Ulamog, the Infinite Gyre

You get two types of removal with Ulamog, the Infinite Gyre. It destroys a permanent on casting but also comes with annihilator 4. This Ulamog has indestructible and goes back to your library once it goes to the graveyard.

Truly infinite.

Best Colorless Removal Payoffs and Synergies

A major appeal of colorless is that you can play these spells in any deck, even with Commander’s color identity restrictions. Colorless lands, by nature, can be played anywhere. Some of the bigger creatures with removal options can also be your commander, but you don’t have to stay in a colorless palette.

Rakdos, Lord of Riots Braids, Conjurer Adept

There’s potential for a lot of big creatures with annihilator or another removal ability between artifacts and Eldrazi alone. Commanders that can reduce their cost or cheat them out can turn to these colorless removal options to set up their end game. Think Rakdos, Lord of Riots reducing your creature spell costs based on the life your opponents have lost, or Braids, Conjurer Adept putting an artifact, creature, or land into play on your upkeep.

Balan, Wandering Knight

There are also a bunch of commanders that pay you off for running artifacts in general. We just did The Brothers’ War; do I really need to tell you who? Equipment artifacts have their own individual synergies and payoffs. For example, Balan, Wandering Knight gets double strike when it has two or more equipment and comes with an ability that attaches all equipment to it.

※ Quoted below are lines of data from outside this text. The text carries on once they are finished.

Lemma window_le_slabs delta : 0 < delta -> measurable window ->
  (P window <= (phi * (eps + delta))%:E)%E.
Proof.
move=> delta_gt0 mW.
pose N := (Num.truncn ((r + eps) / delta)).+1.
have rN : r + eps < N%:R * delta by rewrite -ltr_pdivrMr // truncnS_gt.
have XB k := X_C_indep (r - k.+1%:R * delta) (r + eps - k%:R * delta)
                       (k%:R * delta) (k.+1%:R * delta).
have mA k : measurable (X_in k delta).
  have := X_meas measurableT
            (measurable_itv `](r - k.+1%:R * delta), (r + eps - k%:R * delta)]).
  by rewrite setTI.
have mB k : measurable (slab k delta) by case: (XB k).
have mAB k : measurable (X_in k delta `&` slab k delta) by apply: measurableI.
have tB := trivIset_slabs (C := C) delta_gt0.
have mU : measurable (\big[setU/set0]_(k < N) (X_in k delta `&` slab k delta)).
  by apply: bigsetU_measurable => k _.
apply: (le_trans (le_measure P (mem_set mW) (mem_set mU) (window_sub_slabs delta_gt0 rN))).
rewrite (measure_bigsetU P mAB (trivIset_setIl tB) N).
apply: (@le_trans _ _ (\sum_(k < N) ((phi * (eps + delta))%:E * P (slab k delta)))%E).
  apply: lee_sum => k _.
  apply: (@le_trans _ _ (P (X_in k delta) * P (slab k delta))%E).
    (* [rewrite] would fail: [P] is coerced to a function differently in [XB]. *)
    by rewrite le_eqVlt; apply/orP; left; apply/eqP; exact: (XB k).2.
  apply: lee_wpmul2r => //.
  have len : r + eps - k%:R * delta - (r - k.+1%:R * delta) = eps + delta.
    by rewrite -natr1; ring.
  have len_ge0 : 0 <= eps + delta by rewrite addr_ge0 // ltW.
  by rewrite -len; apply: X_itv_le; rewrite -subr_ge0 len.
rewrite -ge0_sume_distrr // -(measure_bigsetU P mB tB N).
rewrite -[leRHS]mule1; apply: lee_wpmul2l.
  by rewrite lee_fin mulr_ge0 ?addr_ge0 // ltW.
by apply: probability_le1; apply: bigsetU_measurable => k _.
Qed.

Lemma window_le : measurable window -> (P window <= (phi * eps)%:E)%E.
Proof.
move=> mW; apply/lee_addgt0Pr => a a_gt0.
have := window_le_slabs (divr_gt0 a_gt0 phi_gt0) mW.
by rewrite mulrDr [phi * (a / phi)]mulrC divfK ?gt_eqF // EFinD.
Qed.

End DensityWindow.

Theorem lemma4 (R : realType) (V E : finType) (src tgt : E -> V)
  (col : E -> colour) (u v : V)
  (green_path : exists p, is_path src tgt u v p /\ all (fun x => is_green (col x)) p)
  (d : measure_display) (Omega : measurableType d) (P : probability Omega R)
  (W : Omega -> E -> R)
  (W_meas : forall e', measurable_fun setT (fun x => W x e'))
  (W_pos : forall x e', 0 < W x e')
  (e : E) (e_red : col e = Red)
  (f : R -> R) (phi : R) (phi_pos : 0 < phi)
  (f_meas : measurable_fun (`]0, +oo[ : set R) f)
  (f_bound : forall y, 0 < y -> 0 <= f y <= phi)
  (f_density : forall A : set R, measurable A ->
     P [set x | A (W x e)] =
     (\int[lebesgue_measure]_(y in A `&` `](0%R:R), +oo[%classic) (f y)%:E)%E)
  (indep : forall A : E -> set R, (forall e', measurable (A e')) ->
     P [set x | forall e', A e' (W x e')] =
     (P [set x | A e (W x e)] * P [set x | forall e', e' != e -> A e' (W x e')])%E)
  (r eps : R) (r_ge0 : 0 <= r) (eps_ge0 : 0 <= eps) :
  (P [set x | (r%:E < Delta src tgt col u v e (W x) r)%E /\
              (Delta src tgt col u v e (W x) r <= (r + eps)%:E)%E]
   <= (phi * eps)%:E)%E.
Proof.
pose C x := Delta src tgt col u v e (zero_at e (W x)) r.
have C_ge0 x : (0 <= C x)%E.
  by apply: Delta_ge0 => e'; rewrite /zero_at; case: eqP => // _; exact: ltW.
have slab_meas s t : <<s cylinders_off W e >> [set x | (s%:E <= C x)%E /\ (C x < t%:E)%E].
  have Wo_meas := zero_at_measurable_off (W := W) (e := e).
  exact: measurableI (measurable_Delta_ge src tgt col u v e r Wo_meas s)
                     (measurable_Delta_lt src tgt col u v e r Wo_meas t).
set S := [set x | _ /\ _].
have mS : measurable S.
  exact: measurableI (measurable_Delta_gt src tgt col u v e r W_meas r)
                     (measurable_Delta_le src tgt col u v e r W_meas (r + eps)).
have S_eq : S = [set x | (r%:E < (W x e)%:E + C x)%E /\ ((W x e)%:E + C x <= (r + eps)%:E)%E].
  by apply/seteqP; split => x; rewrite /S /= Delta_split_off.
rewrite S_eq; apply: window_le => //; last by rewrite -S_eq.
- by move=> x; exact: ltW.
- by move=> a b; apply: (density_itv_le phi_pos f_meas f_bound f_density).
- move=> a b s t.
  apply: (sigma_independent_of (measurable_edge_preimage W_meas e (measurable_itv _))
            (cylinders_off_setI_closed (W := W) (e := e))); last exact: slab_meas.
  exact: cylinders_off_independent.
Qed.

Removal artifacts can include charge counters or other counters that pump up their power over multiple turns. Proliferating those counters can help you get to a bigger payoff sooner.

Wrap Up

Nevinyrral's Disk - Illustration by Mark Tedin

Nevinyrral's Disk | Illustration by Mark Tedin

Game, set, match for colorless removal. Hopefully you’ve discovered or remembered a few more options to annihilate your opponent’s board. There’s all kinds of artifacts at your disposal if that’s your style, but you can always count on the Eldrazi to bring along some destruction.

What do you think of these rankings? Are there cards I’ve left off that you think deserve a spot? Where do you use colorless removal? Let me know in the comments below, or feel free to take the discussion to Draftsim's official Discord.

After all of this grayscale thinking I think I need to feast my eyes on something bright and colorful. Streaming services, here I come!